**EXERCISE DATA:**

(* Let $\{x_i\}_{i\in[N]}$ be the global solution of the delayed consensus system described in the context, let $\beta>0$, and let \[ F(t):=d_x(t)+\beta\int_{\max\{0,t-2\tau\}}^t e^{-(t-s)}\int_s^t\max_{i\in[N]}|\dot x_i(r)|\,\mathrm dr\,\mathrm ds,\qquad t\ge0. \] Let $K$ be the smallest integer such that $K\sigma\ge2\tau$. Then \[ F(t)\le\mathcal{Z}^K_\sigma\Delta^0_x\qquad\text{for all }t\in[0,2\tau], \] where $\mathcal{Z}^K_\sigma:=Z^K_\sigma+Z^{K-1}_\sigma\beta\big(1-(1+2\tau)e^{-2\tau}\big)$.
   Context: Let $N\ge2$, $d\ge1$ be integers, $[N]=\{1,\dots,N\}$, $0\le\sigma\le\tau$. Let $\psi:[0,\infty)\to[0,\infty)$ be continuous, nonincreasing, positive everywhere, with $\sup\psi\le1$. Given $x_i^0\in C([-\tau,0],\mathbb{R}^d)$, $\{x_i\}$ is the global solution (continuous on $[-\tau,\infty)$, continuously differentiable on $[0,\infty)$) of $\dot x_i(t)=\sum_{j\ne i}a_{ij}(t)(x_j(t-\tau)-x_i(t-\sigma))$ for $t>0$, with $a_{ij}(t)=\frac1{N-1}\psi(|x_i(t-\sigma)-x_j(t-\tau)|)$, and $x_i=x_i^0$ on $[-\tau,0]$. $d_x(t):=\max_{i,j}|x_i(t)-x_j(t)|$; $\Delta^0_x:=\max_{i,j}\max_{s,t\in[-\tau,0]}|x_i^0(s)-x_j^0(t)|$. For $k\ge0$, \[ Z^k_\sigma:=\frac{1}{2\sqrt{\sigma(1+\sigma)}}\Big[\big((1+\sigma)+\sqrt{\sigma(1+\sigma)}\big)^{k+1}-\big((1+\sigma)-\sqrt{\sigma(1+\sigma)}\big)^{k+1}\Big], \] a polynomial in $\sigma$; equivalently $Z^0_\sigma=1$, $Z^k_\sigma=1+(1+\sigma)Z^{k-1}_\sigma+\sigma\sum_{m=0}^{k-1}Z^m_\sigma$ for $k\ge1$. *)

From Stdlib Require Import Reals List.
From Coquelicot Require Import Coquelicot.
Import ListNotations.
Open Scope R_scope.

(* Vectors of R^d are represented as functions nat -> R; only the
   components k = 0 .. d-1 are meaningful. *)
Definition sumR (l : list R) : R := fold_right Rplus 0 l.

Definition vnorm (d : nat) (v : nat -> R) : R :=
  sqrt (sumR (map (fun k => (v k) ^ 2) (seq 0 d))).

Definition vsub (v w : nat -> R) : nat -> R := fun k => v k - w k.

(* maximum of a list of nonnegative reals (base value 0) *)
Definition maxl (l : list R) : R := fold_right Rmax 0 l.

Definition agents (N : nat) : list nat := seq 1 N.

(* A configuration: x i t k = k-th component of x_i(t) *)
Definition config := nat -> R -> nat -> R.

Definition diam (N d : nat) (x : config) (t : R) : R :=
  maxl (map (fun i => maxl (map (fun j => vnorm d (vsub (x i t) (x j t)))
                                 (agents N))) (agents N)).

Definition Delta0 (N d : nat) (tau : R) (x : config) : R :=
  real (Lub_Rbar (fun r => exists i j s t,
    (1 <= i <= N)%nat /\ (1 <= j <= N)%nat /\
    -tau <= s <= 0 /\ -tau <= t <= 0 /\
    r = vnorm d (vsub (x i s) (x j t)))).

Definition aw (N d : nat) (psi : R -> R) (sigma tau : R) (x : config)
  (i j : nat) (t : R) : R :=
  psi (vnorm d (vsub (x i (t - sigma)) (x j (t - tau)))) / INR (N - 1).

Definition rhs (N d : nat) (psi : R -> R) (sigma tau : R) (x : config)
  (i : nat) (t : R) (k : nat) : R :=
  sumR (map (fun j => aw N d psi sigma tau x i j t *
                       (x j (t - tau) k - x i (t - sigma) k))
            (filter (fun j => negb (Nat.eqb j i)) (agents N))).

(* x is a global solution of the delayed consensus system:
   continuous on [-tau, oo), solves the ODE for t > 0 (initial datum is
   x itself restricted to [-tau,0]). *)
Definition is_solution (N d : nat) (psi : R -> R) (sigma tau : R)
  (x : config) : Prop :=
  (forall i k t, (1 <= i <= N)%nat -> (k < d)%nat -> -tau <= t ->
     filterlim (fun u => x i u k) (within (fun u => -tau <= u) (locally t))
               (locally (x i t k))) /\
  (forall i k t, (1 <= i <= N)%nat -> (k < d)%nat -> 0 < t ->
     is_derive (fun u => x i u k) t (rhs N d psi sigma tau x i t k)).

Definition psi_ok (psi : R -> R) : Prop :=
  (forall r, 0 <= r -> filterlim psi (within (fun u => 0 <= u) (locally r))
                                  (locally (psi r))) /\
  (forall r s, 0 <= r -> r <= s -> psi s <= psi r) /\
  (forall r, 0 <= r -> 0 < psi r) /\
  (forall r, 0 <= r -> psi r <= 1).

Definition vel (x : config) (i : nat) (r : R) : nat -> R :=
  fun k => Derive (fun u => x i u k) r.

Definition Ffun (N d : nat) (beta tau : R) (x : config) (t : R) : R :=
  diam N d x t + beta *
    RInt (fun s => exp (- (t - s)) *
            RInt (fun r => maxl (map (fun i => vnorm d (vel x i r)) (agents N))) s t)
         (Rmax 0 (t - 2 * tau)) t.

(* Z^k_sigma via the recursion Z^0 = 1,
   Z^k = 1 + (1+sigma) Z^{k-1} + sigma * sum_{m=0}^{k-1} Z^m.
   Zpair sigma k = (Z^k, sum_{m=0}^k Z^m). *)
Fixpoint Zpair (sigma : R) (k : nat) : R * R :=
  match k with
  | O => (1, 1)
  | S k' => let (z, s) := Zpair sigma k' in
            let z' := 1 + (1 + sigma) * z + sigma * s in (z', s + z')
  end.

Definition Zsig (sigma : R) (k : nat) : R := fst (Zpair sigma k).

From Stdlib Require Import Reals List Lia Lra.
From Coquelicot Require Import Coquelicot.
Open Scope R_scope.

(* Write W(b) for the largest distance |x_i(s) - x_j(s')| over agents i, j and
   times s, s' in [-tau, b], so that W(0) = Delta^0_x.  For r in [b, b + sigma]
   both delayed arguments r - tau and r - sigma lie in [-tau, b]; since the
   weights are at most 1/(N-1), every speed |xdot_i(r)| is at most W(b), and the
   mean value theorem moves each agent by at most sigma W(b).  Hence
   W(b + sigma) <= (1 + 2 sigma) W(b) and W(k sigma) <= (1 + 2 sigma)^k Delta^0_x.
   As K sigma >= 2 tau, on [0, 2 tau] the diameter is bounded by
   (1 + 2 sigma)^K Delta^0_x and the speeds by (1 + 2 sigma)^(K-1) Delta^0_x, and
   integrating the latter against the kernel gives the factor
   1 - (1 + t) e^(-t) <= 1 - (1 + 2 tau) e^(-2 tau).  Finally
   (1 + 2 sigma)^k <= Z^k_sigma. *)

Section ListSums.

Context {A : Type}.

Lemma sumR_map_nonneg (l : list A) (f : A -> R) :
  (forall a, In a l -> 0 <= f a) -> 0 <= sumR (map f l).
Proof.
  induction l as [|a l IH]; simpl; intros H; [lra|].
  assert (0 <= f a) by auto. assert (0 <= sumR (map f l)) by auto. lra.
Qed.

Lemma sumR_map_plus (l : list A) (f g : A -> R) :
  sumR (map (fun a => f a + g a) l) = sumR (map f l) + sumR (map g l).
Proof. induction l; simpl; lra. Qed.

Lemma sumR_map_minus (l : list A) (f g : A -> R) :
  sumR (map (fun a => f a - g a) l) = sumR (map f l) - sumR (map g l).
Proof. induction l; simpl; lra. Qed.

Lemma sumR_map_scal (l : list A) (c : R) (f : A -> R) :
  sumR (map (fun a => c * f a) l) = c * sumR (map f l).
Proof. induction l; simpl; [|rewrite IHl]; ring. Qed.

Lemma sumR_map_eq0 (l : list A) (f : A -> R) :
  (forall a, In a l -> 0 <= f a) -> sumR (map f l) = 0 -> forall a, In a l -> f a = 0.
Proof.
  induction l as [|b l IH]; simpl; intros Hf H a Ha; [tauto|].
  assert (0 <= f b) by auto.
  assert (0 <= sumR (map f l)) by (apply sumR_map_nonneg; auto).
  destruct Ha as [<-|Ha]; [lra|]. apply IH; auto; lra.
Qed.

Lemma sumR_map_le_length (l : list A) (f : A -> R) (c : R) :
  (forall a, In a l -> f a <= c) -> sumR (map f l) <= INR (length l) * c.
Proof.
  induction l as [|a l IH]; simpl length; intros H; [simpl; lra|].
  rewrite S_INR. simpl.
  assert (f a <= c) by (apply H; simpl; auto).
  assert (sumR (map f l) <= INR (length l) * c) by (apply IH; intros; apply H; simpl; auto).
  lra.
Qed.

End ListSums.

Lemma maxl_lub (l : list R) (M : R) : 0 <= M -> (forall y, In y l -> y <= M) -> maxl l <= M.
Proof.
  induction l as [|a l IH]; simpl; intros HM H; [lra|].
  apply Rmax_lub; auto.
Qed.

Lemma maxl_ub (l : list R) (y : R) : In y l -> y <= maxl l.
Proof.
  induction l as [|a l IH]; simpl; intros H; [tauto|].
  destruct H as [<-|H]; [apply Rmax_l|].
  eapply Rle_trans; [apply IH, H|apply Rmax_r].
Qed.

Section EuclideanNorm.

Variable d : nat.

Definition vdot (u v : nat -> R) : R := sumR (map (fun k => u k * v k) (seq 0 d)).

Lemma vnorm_ge0 (v : nat -> R) : 0 <= vnorm d v.
Proof. apply sqrt_pos. Qed.

Lemma vnorm_sqr (v : nat -> R) : vnorm d v * vnorm d v = sumR (map (fun k => v k ^ 2) (seq 0 d)).
Proof. apply sqrt_sqrt, sumR_map_nonneg. intros; apply pow2_ge_0. Qed.

Lemma vnorm_ext (u v : nat -> R) : (forall k, (k < d)%nat -> u k = v k) -> vnorm d u = vnorm d v.
Proof.
  intros H. unfold vnorm. do 2 f_equal. apply map_ext_in.
  intros k Hk. apply in_seq in Hk. rewrite H; auto; lia.
Qed.

Lemma vnorm_eq0 (v : nat -> R) : vnorm d v = 0 -> forall k, (k < d)%nat -> v k = 0.
Proof.
  intros H k Hk.
  assert (v k ^ 2 = 0).
  { apply (sumR_map_eq0 (seq 0 d) (fun k => v k ^ 2)).
    - intros; apply pow2_ge_0.
    - rewrite <- vnorm_sqr, H. ring.
    - apply in_seq. lia. }
  nra.
Qed.

Lemma vnorm_scal (c : R) (v : nat -> R) : vnorm d (fun k => c * v k) = Rabs c * vnorm d v.
Proof.
  unfold vnorm.
  rewrite (map_ext _ (fun k => (c * c) * v k ^ 2)) by (intros; ring).
  rewrite sumR_map_scal, sqrt_mult_alt by apply Rle_0_sqr.
  rewrite <- sqrt_Rsqr_abs. reflexivity.
Qed.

**TASK GOAL:** Once you reach the line with "induction l as [|a l IH]; simpl; intros H; [tauto|]." in the data above, copy it and every line after it exactly, up to and including the line with "Proof. apply sqrt_pos. Qed.".

**RESPONSE TO THE TASK:**
  induction l as [|a l IH]; simpl; intros H; [tauto|].
  destruct H as [<-|H]; [apply Rmax_l|].
  eapply Rle_trans; [apply IH, H|apply Rmax_r].
Qed.

Section EuclideanNorm.

Variable d : nat.

Definition vdot (u v : nat -> R) : R := sumR (map (fun k => u k * v k) (seq 0 d)).

Lemma vnorm_ge0 (v : nat -> R) : 0 <= vnorm d v.
Proof. apply sqrt_pos. Qed.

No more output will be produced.